▸ **Your goal**:
Give again, word for word, every line below from the one that has "rewrite big_split /= sumr_const" through the one that has "rewrite -[expR x]invrK", both included, and no others.

Dataset entries
══════════
Fixpoint hist_prob_aux (pre : seq outcome) (h : seq outcome) : R :=
  match h with
  | [::] => 1
  | o :: h' =>
      (expn_p pre o.1 * \prod_(i < b) q pre i (o.2 i))
        * hist_prob_aux (rcons pre o) h'
  end.

Definition hist_prob (h : seq outcome) : R := hist_prob_aux [::] h.

Definition expected_reward (T : nat) : R :=
  \sum_(h : T.-tuple outcome)
    hist_prob h * \sum_(t < T) g t (tnth h t).1.

Definition regret (T : nat) (jstar : 'I_K) : R :=
  \sum_(t < T) g t jstar - expected_reward T.

End NetworkedBandit.

Definition Theta_of (R : realType) (K b : nat) (eps : 'I_b -> R) : R :=
  \prod_(i < b) (1 - eps i / K%:R).

Definition beta_of (R : realType) (K : nat) (Theta : R) : R :=
  (1 - (1 - K%:R^-1) * Theta)^-1 + 1.

From HB Require Import structures.
From mathcomp Require Import all_boot all_order all_algebra.
From mathcomp.reals Require Import reals.
From mathcomp.analysis Require Import sequences exp.
From mathcomp Require Import ring lra.
Import Order.TTheory GRing.Theory Num.Theory.
Local Open Scope ring_scope.

Set Implicit Arguments.
Unset Strict Implicit.
Unset Printing Implicit Defensive.

(* EXPN is exponential weighting driven by the importance-weighted estimator
   [ghat], which is unbiased and has second moment [g_j^2 / p'_j].  The
   potential argument on [ln W_t], with [expR x <= 1 + x + 2 x^2] on [0, 1/2],
   bounds the regret by [eta T + ln K / delta + 2 delta sum_t E[sum_j p_j / p'_j]].
   Every neighbour plays arm [j] with probability at least [eps_i / K], so
   [p'_j >= 1 - Theta + Theta p_j], and concavity of [x / (1 - Theta + Theta x)]
   bounds [sum_j p_j / p'_j] by [1 / (1 - (1 - 1/K) Theta) <= beta].  Taking
   [delta = sqrt (ln K / (beta T))] and [eta = 4 delta beta] balances the
   three terms; when [4 delta beta >= 1/2] the trivial bound [T] suffices. *)

Section RealInequalities.
Variable R : realType.

Lemma div_affine_le_tangent (a c x u : R) : 0 <= a -> 0 <= c ->
  0 < a + c * x -> 0 < a + c * u ->
  x / (a + c * x) <= u / (a + c * u) + a * (x - u) / (a + c * u) ^+ 2.
Proof.
move=> a_ge0 c_ge0 Dx_gt0 Du_gt0; rewrite -subr_ge0.
have -> : u / (a + c * u) + a * (x - u) / (a + c * u) ^+ 2 - x / (a + c * x)
    = a * c * (x - u) ^+ 2 / ((a + c * u) ^+ 2 * (a + c * x)).
  by field; rewrite !lt0r_neq0.
by rewrite divr_ge0 // mulr_ge0 ?sqr_ge0 ?mulr_ge0 // ltW.
Qed.

(* Summing the tangent inequalities at the uniform point [1/K] kills the
   first-order terms, because [p] has total mass 1. *)
Lemma sum_div_affine_le (K : nat) (p : 'I_K -> R) (c : R) : (0 < K)%N ->
  0 <= c <= 1 -> \sum_(j < K) p j = 1 -> (forall j, 0 < 1 - c + c * p j) ->
  \sum_(j < K) p j / (1 - c + c * p j) <= (1 - (1 - K%:R^-1) * c)^-1.
Proof.
move=> K_gt0 /andP[c_ge0 c_le1] sum_p D_gt0.
set u := K%:R^-1 : R.
have Ku : K%:R * u = 1 by rewrite divff // pnatr_eq0 -lt0n.
have u_gt0 : 0 < u by rewrite invr_gt0 ltr0n.
have u_le1 : u <= 1 by rewrite invr_le1 ?unitfE ?pnatr_eq0 -?lt0n // ?ler1n ?ltr0n.
have Du_gt0 : 0 < 1 - c + c * u.
  have : c * (1 - u) <= 1 - u by rewrite ler_piMl ?subr_ge0.
  lra.
have a_ge0 : 0 <= 1 - c by rewrite subr_ge0.
have -> : 1 - (1 - u) * c = 1 - c + c * u by ring.
apply: le_trans (ler_sum _ (fun j _ =>
  div_affine_le_tangent a_ge0 c_ge0 (D_gt0 j) Du_gt0)) _.
set D := 1 - c + c * u.
rewrite big_split /= sumr_const card_ord -mulr_natl mulrA Ku mul1r.
rewrite -mulr_suml -mulr_sumr sumrB sum_p sumr_const card_ord -mulr_natl Ku.
by rewrite subrr mulr0 mul0r addr0.
Qed.

Lemma expR_le_quadratic (x : R) : 0 <= x <= 1 / 2 -> expR x <= 1 + x + 2 * x ^+ 2.
Proof.
move=> /andP[x_ge0 x_le].
have x_lt1 : 0 < 1 - x by lra.
have expRx_le : expR x <= (1 - x)^-1.
  rewrite -[expR x]invrK lef_pV2 ?posrE ?invr_gt0 ?expR_gt0 // -expRN.
  by have := expR_ge1Dx (- x); rewrite addrC.
apply: le_trans expRx_le _; rewrite -[_^-1]mul1r ler_pdivrMr // -subr_ge0.
have -> : (1 + x + 2 * x ^+ 2) * (1 - x) - 1 = x ^+ 2 * (1 - 2 * x) by ring.
by rewrite mulr_ge0 ?sqr_ge0 //; lra.
Qed.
══════════
▸ **Exercise solution**:
rewrite big_split /= sumr_const card_ord -mulr_natl mulrA Ku mul1r.
rewrite -mulr_suml -mulr_sumr sumrB sum_p sumr_const card_ord -mulr_natl Ku.
by rewrite subrr mulr0 mul0r addr0.
Qed.

Lemma expR_le_quadratic (x : R) : 0 <= x <= 1 / 2 -> expR x <= 1 + x + 2 * x ^+ 2.
Proof.
move=> /andP[x_ge0 x_le].
have x_lt1 : 0 < 1 - x by lra.
have expRx_le : expR x <= (1 - x)^-1.
  rewrite -[expR x]invrK lef_pV2 ?posrE ?invr_gt0 ?expR_gt0 // -expRN.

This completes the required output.